You write “this patented technology allowed microprocessors to conserve electricity and actually get more things done during each beat of the clock.”
It appears that you have only a superficial understanding of Transmeta’s key patents, which do not generally do what you describe. Transmeta’s LongRun(tm) technology allows a processor to monitor its workload dynamically. If the processor sees that it is not being 100% utilized, it “tells” the circuit board it is on to reduce the microprocessor’s operating voltage and frequency, which together determine the microprocessor’s power consumption. When it subsequently detects that more computing horsepower is required, it tells the circuit board to increase the voltage/frequency. These changes can be done incrementally (in different step sizes) and rapidly (many times per second, limited by the power supply’s responsiveness). Rather than doing “more in each clock”, LongRun allows the microprocessor to do LESS processing while accomplishing that which is required. This saves power overall, but essentially by doing the opposite of what you described. The long-term processing per unit of time is reduced, not increased. The amount of processing per clock cycle is pretty much held constant.
Now go on-line and read a description of Intel’s SpeedStep(tm) technology. AMD and Nvidia, as well as others, have similar techniques that go by various names.

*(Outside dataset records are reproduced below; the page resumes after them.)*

(* Assume the setting, construction and assumptions (A1)–(A6) described in the context. Then there are positive constants $M,C,c_3,c_4$ such that $$P\Big(\max_{i\le n}|h(Z_i)-h_0(Z_i)|\ge Ms\sqrt{\tfrac{\log(d\vee n)}{n}}\ \Big|\ Y,X,Z\Big)\le C(d\vee n)^{-c_3}$$ on an event $\mathcal{E}_3$ with $P(\mathcal{E}_3)\ge1-(d\vee n)^{-c_3}$, and $$P\Big(\max_{i\le n}|\phi_i-\phi_{0i}|\ge Ms\sqrt{\tfrac{\log(d\vee n)}{n}}\ \Big|\ Y,X,Z\Big)\le C(d\vee n)^{-c_4}$$ on an event $\mathcal{E}_4$ with $P(\mathcal{E}_4)\ge1-(d\vee n)^{-c_4}$.
   Context: Data: for $i=1,\dots,n$, observations $(Y_i,X_i,Z_i)$ with $Y_i\in\{0,1\}$, $X_i\in\{0,1\}$, $Z_i\in\mathbb{R}^d$. The responses are independently generated from $P(Y_i=1\mid X_i,Z_i)=\frac{\exp(X_i\theta_0+Z_i^T\beta_0)}{1+\exp(X_i\theta_0+Z_i^T\beta_0)}$ with true $\theta_0\in\mathbb{R}$, $\beta_0\in\mathbb{R}^d$; $s$ is the number of nonzero entries of $\beta_0$. $P(X_i=1\mid Z_i)$ is the true propensity score. Write $a\vee b=\max\{a,b\}$. Oracle quantities: with $p_{ik}=\frac{\exp(k\theta_0+Z_i^T\beta_0)}{1+\exp(k\theta_0+Z_i^T\beta_0)}$ for $k\in\{0,1\}$, $R_{0i}=\frac{p_{i0}(1-p_{i0})P(X_i=0\mid Z_i)}{p_{i1}(1-p_{i1})P(X_i=1\mid Z_i)}$, $h_0(Z_i)=1/(1+R_{0i})$, $\phi_{0i}=\theta_0h_0(Z_i)+Z_i^T\beta_0$. Construction: priors $\pi(\tilde\theta),\pi(\beta),\pi(\gamma)$. Draw $(\tilde\theta,\beta)$ from $f((\tilde\theta,\beta)\mid Y,X,Z)\propto \pi(\tilde\theta)\pi(\beta)\prod_{i=1}^n\frac{\exp(X_i\tilde\theta+Z_i^T\beta)^{Y_i}}{1+\exp(X_i\tilde\theta+Z_i^T\beta)}$ and $\gamma\in\mathbb{R}^d$ from $f(\gamma\mid X,Z)\propto\pi(\gamma)\prod_{i=1}^n\frac{\exp(Z_i^T\gamma)^{X_i}}{1+\exp(Z_i^T\gamma)}$. Set $P(X_i=1\mid Z_i,\gamma)=\frac{\exp(Z_i^T\gamma)}{1+\exp(Z_i^T\gamma)}$, $q_{ik}=\frac{\exp(k\tilde\theta+Z_i^T\beta)}{1+\exp(k\tilde\theta+Z_i^T\beta)}$, $R_i=\frac{q_{i0}(1-q_{i0})P(X_i=0\mid Z_i,\gamma)}{q_{i1}(1-q_{i1})P(X_i=1\mid Z_i,\gamma)}$, $h(Z_i)=1/(1+R_i)$, $\phi_i=\tilde\theta h(Z_i)+Z_i^T\beta$. The probabilities conditional on $Y,X,Z$ in the claim are with respect to these posterior draws. Assumptions: (A1) $\log d=o(n)$. (A2) $\max_{i,j}|Z_{ij}|\le C$ for some $0<C<\infty$. (A3) $s^2\log(d\vee n)=o(\sqrt n)$. (A4) There are constants $M,C,c_1>0$ and an event $\mathcal{E}_1$ with $P(\mathcal{E}_1)\ge1-(d\vee n)^{-c_1}$ on which $P\big(\max\{\|(\tilde\theta,\beta)-(\theta_0,\beta_0)\|_1/s,\ \|(\tilde\theta,\beta)-(\theta_0,\beta_0)\|_2/s^{1/2}\}\ge M\sqrt{\log(d\vee n)/n}\mid Y,X,Z\big)\le C(d\vee n)^{-c_1}$. (A5) There are constants $M,C,c_2>0$ and an event $\mathcal{E}_2$ with $P(\mathcal{E}_2)\ge1-(d\vee n)^{-c_2}$ on which $P\Big(\max_{i\le n}\Big|\log\frac{P(X_i=1\mid Z_i,\gamma)/P(X_i=0\mid Z_i,\gamma)}{P(X_i=1\mid Z_i)/P(X_i=0\mid Z_i)}\Big|\ge M\sqrt{\log(d\vee n)/n}\mid X,Z\Big)\le C(d\vee n)^{-c_2}$. (A6) a prior $\pi(\theta)$ is continuous at $\theta_0$ with $\pi(\theta_0)>0$, and $|\theta_0|\le M_0$ for some $M_0>0$. *)

From HB Require Import structures.
From mathcomp Require Import all_boot all_order all_algebra.
From mathcomp Require Import all_classical all_reals all_analysis.
Set Implicit Arguments. Unset Strict Implicit. Unset Printing Implicit Defensive.
Import Order.TTheory GRing.Theory Num.Theory.
Import numFieldNormedType.Exports.
Local Open Scope classical_set_scope.
Local Open Scope ring_scope.
(* Let $R_e\approx 1.4877$ be the unique positive root of $\frac{10}{7(R+1)}-\frac{R^2\sqrt{R}}{R^2+R+1}=0$. Define, for $x,y\ge 0$, $$d_0(x,y)=\frac{1+2x}{1+x}+\frac{xy}{1+y+xy},\quad d_1(x,y)=-\frac{x}{1+x}-\frac{xy}{1+y+xy}-\frac{xy^2}{1+y+xy}\frac{1+x}{1+y},\quad d_2(x,y)=\frac{xy^2}{1+y+xy}\frac{1+x}{1+y},$$ and, for $0<x,y,z<R_e$, $$d_*(x,y)=-\tfrac{10}{7}\sqrt{x}\,d_1(x,y)-\sqrt{xy}\,d_2(x,y),$$ $$p(x,y,z)=2d_0(y,z)-\sqrt{yz}\,d_2(y,z)-\tfrac{49}{100}d_*(y,z)-d_*(x,y),\qquad q(x,y,z)=d_*(y,z)-\sqrt{xy}\,d_2(x,y).$$ Let $\tau_k>0$ ($k\ge 1$) be time-step sizes with step ratios $r_k=\tau_k/\tau_{k-1}$ satisfying $0<r_k<R_e$ for all $k\ge 2$, and set $d^{(n)}_j=d_j(r_n,r_{n-1})$ for $j=0,1,2$. Then for every $n\ge 3$ and all real numbers $v_{n-2},v_{n-1},v_n$, $$2v_n\tau_n\big(d^{(n)}_0v_n+d^{(n)}_1v_{n-1}+d^{(n)}_2v_{n-2}\big)=G[v_n,v_{n-1}]-G[v_{n-1},v_{n-2}]+F[v_n,v_{n-1},v_{n-2}],$$ where $$G[v_n,v_{n-1}]=d_*(r_{n+1},r_n)\tau_nv_n^2+\sqrt{r_{n+1}r_n}\,d_2(r_{n+1},r_n)\big(\tfrac{7}{10}\sqrt{\tau_n}v_n-\sqrt{\tau_{n-1}}v_{n-1}\big)^2$$ (and $G[v_{n-1},v_{n-2}]$ is the same expression with $n$ replaced by $n-1$), $$F[v_n,v_{n-1},v_{n-2}]=p(r_{n+1},r_n,r_{n-1})\tau_nv_n^2+q(r_{n+1},r_n,r_{n-1})\big(\tfrac{7}{10}\sqrt{\tau_n}v_n-\sqrt{\tau_{n-1}}v_{n-1}\big)^2+\sqrt{r_nr_{n-1}}\,d_2(r_n,r_{n-1})\big(\sqrt{\tau_n}v_n-\tfrac{7}{10}\sqrt{\tau_{n-1}}v_{n-1}+\sqrt{\tau_{n-2}}v_{n-2}\big)^2,$$ the functionals $G$ and $F$ are nonnegative, and $F[v_n,v_{n-1},v_{n-2}]\ge \frac{\tau_n}{50}v_n^2$.
   Context: The quantities $d^{(n)}_j$ are the variable-step BDF3 kernels: the BDF3 formula is $D_3v^n=\sum_{j=1}^n d^{(n)}_{n-j}\partial_\tau v^j$ with $\partial_\tau v^j=(v^j-v^{j-1})/\tau_j$, $d^{(n)}_j=d_j(r_n,r_{n-1})$ for $j=0,1,2$ and $d^{(n)}_j=0$ for $j\ge 3$. *)

From Stdlib Require Import Reals Lra.
Open Scope R_scope.
Lemma harmonic_num_unbounded (R : archiRealFieldType) (T : R) :
  exists M, (0 < M)%N /\ T <= harmonic_num R M.
Proof.
have T2_lt := archi_boundP (normr_ge0 (2 * T)).
exists (2 ^ Num.Def.archi_bound `|2 * T|%R)%N; split; first by rewrite expn_gt0.
apply: le_trans (harmonic_num_exp2 R _); have := ler_norm (2 * T); lra.
Qed.

Definition int_ball (L : nat) : seq int :=
  0 :: [seq k.+1%:Z | k <- iota 0 L] ++ [seq - k.+1%:Z | k <- iota 0 L].

Lemma int_ball_uniq L : uniq (int_ball L).
Proof.
rewrite /int_ball cons_uniq mem_cat cat_uniq !map_inj_uniq ?iota_uniq //=;
  try by move=> a b; lia.
rewrite andbT; apply/andP; split.
  by apply/norP; split; apply/negP => /mapP[k _]; lia.
by apply/hasP => -[y /mapP[k _ ->] /mapP[j _]]; lia.
Qed.

Lemma mem_int_ball L a : (absz a <= L)%N -> a \in int_ball L.
Proof.
case: a => [[|k]|k] /= a_L; rewrite /int_ball in_cons mem_cat ?eqxx //.
- by apply/orP; right; apply/orP; left; apply/mapP; exists k; rewrite // mem_iota; lia.
- by apply/orP; right; apply/orP; right; apply/mapP; exists k; rewrite // mem_iota; lia.
Qed.

Lemma sum_int_ball (V : nmodType) L (g : nat -> V) :
  \sum_(a <- int_ball L) g (absz a) = g 0%N + (\sum_(0 <= k < L) g k.+1) *+ 2.
Proof. by rewrite /int_ball big_cons big_cat !big_map /= /index_iota subn0 mulr2n. Qed.

Section IntBallSums.
Variable R : realFieldType.

Lemma invsq_le_inv k : invsq R k <= (k.+1%:R)^-1.
Proof.
have k1_ge1 : 1 <= k.+1%:R :> R by rewrite ler1n.
by rewrite /invsq lef_pV2 ?posrE ?exprn_gt0 ?ltr0n //; nra.
Qed.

To try to fit it into your analogy…why work constantly at the level required to clean out a 4-car garage, when some of the time you are cleaning out a 4-car garage, some of the time you are tidying up a carport, and some of the time you are hanging around drinking beer? Humans don’t work constantly at one “speed”, and computers don’t have to either. Both can adapt work output to the perceived urgency, and thus minimize overall energy expenditures.
Transmeta also holds some other key patents that are not necessarily related to LongRun or even to power management. If you really want to understand what IP they have, you could start by reading the filing from the Intel lawsuit. (They own other IP also, but the lawsuit would be a good starting place.)
afcagroo, thank you. my knowledge of transmeta is pretty deep – the analogy and the desire to keep it understandable perhaps made me a little careless in what i wrote. i think i actually read through all the patent violations back when the suit was filed against intel … but thank you very much for commenting with such a ready-to-stick-it-in-the-lawsuit-and-hang-the-bastards explanation.